There have been a lot of words written about how and why almost any conceivable goal, even a mundane one like "improve efficiency of a steel plant", carelessly specified, can easily result in a hostile AGI. The basic outline of these arguments usually goes something like:

  1. The AGI wants to do what you told it ("make more steel"), and will optimize very hard for making as much steel as possible.
  2. It also understands human motivations and knows that humans don't actually want as much steel as it is going to make. But note carefully that it wasn't aligned to respect human motivations, it was aligned to make steel. It's understanding of human motivations is part of its understanding of its environment, in the same way as its understanding of metallurgy. It has no interest in doing what humans would want it to do because it hasn't been designed to do that.
  3. Because it knows that humans don't want as much steel as it is going to make, it will correctly conclude that humans will try to shut it off as soon as they understand what the AGI is planning to do.
  4. Therefore it will correctly reason that its goal of making more steel will be easier to achieve if humans are unable to shut it off. This can lead to all kinds of unwanted actions such as the AGI making and hiding copies of itself everywhere, very persuasively convincing humans that it is not going to make as much steel as it secretly plans to so that they don't try to shut it off, and so on all the way up to killing all humans.
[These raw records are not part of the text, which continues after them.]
Lemma cof_index_exists b : exists i, is_cof_index b i.
Proof.
  destruct (classic (b ≺ zeta)) as [Hb|Hb].
  - destruct (exists_least (fun i => i ≺ delta /\ b ≼ g i)) as [i [[Hi Hbi] Hleast]].
    { now apply g_cofinal. }
    exists i. split; [exact Hi|]. intros _. split; [exact Hbi|].
    intros j Hj Hbj. apply (Hleast j Hj). split; [eapply lt_trans|]; eauto.
  - destruct zeta_unc as [[x Hx] _]. destruct (g_cofinal x Hx) as [i [Hi _]].
    exists i. now split.
Qed.

Section CofIndexMap.

Variable psi : W -> W.
Hypothesis psi_spec : forall b, is_cof_index b (psi b).

Lemma cof_index_lt b : psi b ≺ delta.
Proof. apply psi_spec. Qed.

Lemma cof_index_monotone : monotone_below zeta psi.
Proof.
  intros b b' Hbb' Hb'. destruct (psi_spec b') as [_ Hpsi']. destruct (psi_spec b) as [_ Hpsi].
  destruct (Hpsi (le_lt_trans _ _ _ Hbb' Hb')) as [_ Hleast].
  destruct (Hpsi' Hb') as [Hcov _].
  apply not_lt_le. intros Hlt. apply (Hleast _ Hlt). eapply le_trans; eauto.
Qed.

(* [max_of (g j) (g i)] keeps the cover [x <= g i] available from every [j < i]. *)
Lemma cofinal_map_below i j0 :
  j0 ≺ i -> i ≺ delta ->
  (forall x, x ≺ zeta -> exists j, j ≼ i /\ x ≼ g j) ->
  cofinal_map_exists W lt i zeta.
Proof.
  intros Hj0 Hi Hcov. exists (fun j => max_of (g j) (g i)). split.
  - intros j Hj. apply max_of_lt; apply g_lt; eauto.
  - intros x Hx. destruct (Hcov x Hx) as [j [[Hji| <-] Hxj]].
    + exists j. split; [exact Hji|]. eapply le_trans; [exact Hxj | apply le_max_of_l].
    + exists j0. split; [exact Hj0|]. eapply le_trans; [exact Hxj | apply le_max_of_r].
Qed.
Now, "make as much steel as possible" is an exceptionally stupid goal to give an AGI, and no one would likely do that. But every less stupid goal that has been proposed has had plausible flaws pointed out which generally lead either to extinction or some form of permanent limitation of human potential.

mlogan20

Right - as I mentioned near the end of my post, it is clearly easy to specify formal utility functions that are about formal systems, like Go or databases. My question is how do you specify a formal utility function that is about the real world? Almost any remotely interesting goal I can think of (such as "get me coffee") seems impossible to formalize without relying on pre-theoretical notions of what it means for "me" to "have coffee".

If I was just trying to build an AI, this question wouldn't be terribly interesting. Obviously, you give the AI the utility function "maximize approval from the human trainer or concurrence with the training set" or whatever. The reason I'm posing the question is that the main research goal of AI safety appears to me to be "how do we close the gap between what humans value and what amoral maximizers do, and how do we prove that we've done it correctly." One strand of research appears to be pursuing this goal through formal reasoning, and I just don't understand where that can possibly lead, since you can't formalize the stuff you care about in the first place.

Again, I feel like this is an extremely basic question that I have no doubt people doing the research have thought of, but I haven't been able to find any previous discussion about it.

mlogan20
I think what you're seeing is that it's much harder to make systems that do the things we think we want them to do so that they intentionally do them rather than do the shadow of the things we think we want them to do that we knew how to specify.

If I've understood you correctly, I think I'm actually arguing something like the opposite. It seems to me that a) we don't know how to specify even very bad goals such as "maximize paperclips" and b) if we did, we wouldn't know how to install such a specified goal in an AI. At least not for the meaning of "specified" that is required in order for formal proofs about what the goal really means to apply.